> _INSTRUCTIONS FOR THE TASK_:
Provide again, from the entries below, every line from the one containing "rewrite <- Cmod_opp." through the one containing "CSeries (a i))) /\", exactly as written, and no other line.

> _SUPPLIED RECORDS_:
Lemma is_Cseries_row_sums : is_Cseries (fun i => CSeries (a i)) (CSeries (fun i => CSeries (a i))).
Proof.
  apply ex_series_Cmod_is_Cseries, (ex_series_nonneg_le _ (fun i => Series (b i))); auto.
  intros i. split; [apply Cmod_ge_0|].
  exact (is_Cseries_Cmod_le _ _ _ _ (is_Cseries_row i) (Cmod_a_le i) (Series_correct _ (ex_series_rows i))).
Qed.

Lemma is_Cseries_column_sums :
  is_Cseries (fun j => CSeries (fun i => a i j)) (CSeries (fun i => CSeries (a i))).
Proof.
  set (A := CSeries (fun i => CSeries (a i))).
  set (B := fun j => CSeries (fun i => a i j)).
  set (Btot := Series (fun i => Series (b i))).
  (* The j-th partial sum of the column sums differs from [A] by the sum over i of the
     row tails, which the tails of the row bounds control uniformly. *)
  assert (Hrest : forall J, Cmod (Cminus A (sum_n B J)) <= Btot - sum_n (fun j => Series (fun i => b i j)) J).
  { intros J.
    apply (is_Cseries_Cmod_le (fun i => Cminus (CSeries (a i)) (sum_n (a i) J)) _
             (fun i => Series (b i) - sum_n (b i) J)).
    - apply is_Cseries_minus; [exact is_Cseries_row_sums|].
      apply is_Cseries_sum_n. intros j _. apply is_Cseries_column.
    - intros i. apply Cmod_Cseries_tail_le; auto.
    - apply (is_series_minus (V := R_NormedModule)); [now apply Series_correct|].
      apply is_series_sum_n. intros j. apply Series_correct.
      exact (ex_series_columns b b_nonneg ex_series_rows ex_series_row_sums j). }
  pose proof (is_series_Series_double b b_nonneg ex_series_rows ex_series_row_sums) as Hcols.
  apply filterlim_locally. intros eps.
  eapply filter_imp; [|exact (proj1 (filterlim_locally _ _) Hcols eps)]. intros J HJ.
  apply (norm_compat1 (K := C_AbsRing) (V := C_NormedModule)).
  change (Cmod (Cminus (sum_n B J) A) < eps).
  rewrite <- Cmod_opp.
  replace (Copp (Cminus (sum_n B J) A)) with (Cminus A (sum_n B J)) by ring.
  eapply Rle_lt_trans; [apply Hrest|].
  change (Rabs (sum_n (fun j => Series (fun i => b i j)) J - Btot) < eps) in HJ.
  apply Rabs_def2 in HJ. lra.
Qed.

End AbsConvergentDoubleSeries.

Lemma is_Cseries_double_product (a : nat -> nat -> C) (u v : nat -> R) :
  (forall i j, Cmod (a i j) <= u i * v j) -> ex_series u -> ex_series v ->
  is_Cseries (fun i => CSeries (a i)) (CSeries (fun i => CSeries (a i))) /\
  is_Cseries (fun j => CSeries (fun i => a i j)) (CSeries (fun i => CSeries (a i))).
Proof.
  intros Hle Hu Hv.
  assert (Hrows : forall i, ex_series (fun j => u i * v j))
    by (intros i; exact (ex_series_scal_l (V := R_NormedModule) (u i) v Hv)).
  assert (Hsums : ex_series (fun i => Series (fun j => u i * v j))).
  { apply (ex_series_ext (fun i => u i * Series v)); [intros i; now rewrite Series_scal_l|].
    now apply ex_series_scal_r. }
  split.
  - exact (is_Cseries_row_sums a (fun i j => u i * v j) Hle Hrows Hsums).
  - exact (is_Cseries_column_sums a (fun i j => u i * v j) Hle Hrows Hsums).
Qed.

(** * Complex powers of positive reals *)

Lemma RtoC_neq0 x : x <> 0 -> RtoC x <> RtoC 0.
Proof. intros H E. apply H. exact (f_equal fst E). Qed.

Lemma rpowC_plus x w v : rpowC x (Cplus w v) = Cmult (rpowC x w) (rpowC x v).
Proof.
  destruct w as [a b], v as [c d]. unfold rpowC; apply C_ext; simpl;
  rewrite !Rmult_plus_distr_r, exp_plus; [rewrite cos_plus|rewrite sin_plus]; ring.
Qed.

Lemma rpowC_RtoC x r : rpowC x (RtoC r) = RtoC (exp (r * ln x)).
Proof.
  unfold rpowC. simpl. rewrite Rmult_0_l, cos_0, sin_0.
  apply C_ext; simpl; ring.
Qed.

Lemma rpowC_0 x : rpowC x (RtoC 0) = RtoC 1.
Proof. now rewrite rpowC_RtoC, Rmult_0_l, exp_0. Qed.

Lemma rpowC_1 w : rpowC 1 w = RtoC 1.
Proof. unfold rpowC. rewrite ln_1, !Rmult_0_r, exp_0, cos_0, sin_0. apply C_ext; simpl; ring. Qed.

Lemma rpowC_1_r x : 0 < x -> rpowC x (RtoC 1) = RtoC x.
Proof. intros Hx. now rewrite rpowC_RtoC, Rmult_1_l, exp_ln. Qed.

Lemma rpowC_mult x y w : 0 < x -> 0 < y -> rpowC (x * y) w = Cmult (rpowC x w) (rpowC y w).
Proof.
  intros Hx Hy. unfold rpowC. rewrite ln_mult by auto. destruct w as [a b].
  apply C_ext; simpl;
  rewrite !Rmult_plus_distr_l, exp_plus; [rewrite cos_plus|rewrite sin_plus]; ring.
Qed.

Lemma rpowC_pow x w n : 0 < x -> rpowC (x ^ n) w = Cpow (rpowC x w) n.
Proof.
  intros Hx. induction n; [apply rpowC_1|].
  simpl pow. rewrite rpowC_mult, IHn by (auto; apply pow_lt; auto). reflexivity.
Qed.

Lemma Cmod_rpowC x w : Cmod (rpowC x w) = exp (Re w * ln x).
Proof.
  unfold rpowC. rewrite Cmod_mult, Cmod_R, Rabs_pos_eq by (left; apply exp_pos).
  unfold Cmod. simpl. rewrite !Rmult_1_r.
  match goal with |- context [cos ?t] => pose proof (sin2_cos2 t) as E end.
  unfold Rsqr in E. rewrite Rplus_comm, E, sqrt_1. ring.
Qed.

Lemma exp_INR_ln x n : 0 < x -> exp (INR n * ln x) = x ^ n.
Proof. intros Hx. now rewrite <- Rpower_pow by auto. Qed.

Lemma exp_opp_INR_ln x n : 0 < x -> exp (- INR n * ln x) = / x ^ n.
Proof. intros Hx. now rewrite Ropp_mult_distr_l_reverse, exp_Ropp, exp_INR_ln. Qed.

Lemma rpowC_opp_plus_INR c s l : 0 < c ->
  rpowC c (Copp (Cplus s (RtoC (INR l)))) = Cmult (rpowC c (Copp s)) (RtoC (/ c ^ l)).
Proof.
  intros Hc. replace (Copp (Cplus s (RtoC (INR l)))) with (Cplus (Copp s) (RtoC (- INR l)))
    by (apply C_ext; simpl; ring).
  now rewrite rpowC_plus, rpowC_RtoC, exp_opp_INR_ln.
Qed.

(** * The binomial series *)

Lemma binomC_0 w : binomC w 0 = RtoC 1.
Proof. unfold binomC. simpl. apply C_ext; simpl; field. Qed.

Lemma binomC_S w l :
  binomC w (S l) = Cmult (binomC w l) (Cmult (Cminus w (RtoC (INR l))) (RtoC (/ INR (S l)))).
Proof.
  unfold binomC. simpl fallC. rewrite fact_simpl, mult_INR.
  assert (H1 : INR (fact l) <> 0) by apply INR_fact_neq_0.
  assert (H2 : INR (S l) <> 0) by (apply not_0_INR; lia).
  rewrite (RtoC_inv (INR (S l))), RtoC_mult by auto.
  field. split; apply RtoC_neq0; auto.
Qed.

> _RESULT OF THIS TASK_:
  rewrite <- Cmod_opp.
  replace (Copp (Cminus (sum_n B J) A)) with (Cminus A (sum_n B J)) by ring.
  eapply Rle_lt_trans; [apply Hrest|].
  change (Rabs (sum_n (fun j => Series (fun i => b i j)) J - Btot) < eps) in HJ.
  apply Rabs_def2 in HJ. lra.
Qed.

End AbsConvergentDoubleSeries.

Lemma is_Cseries_double_product (a : nat -> nat -> C) (u v : nat -> R) :
  (forall i j, Cmod (a i j) <= u i * v j) -> ex_series u -> ex_series v ->
  is_Cseries (fun i => CSeries (a i)) (CSeries (fun i => CSeries (a i))) /\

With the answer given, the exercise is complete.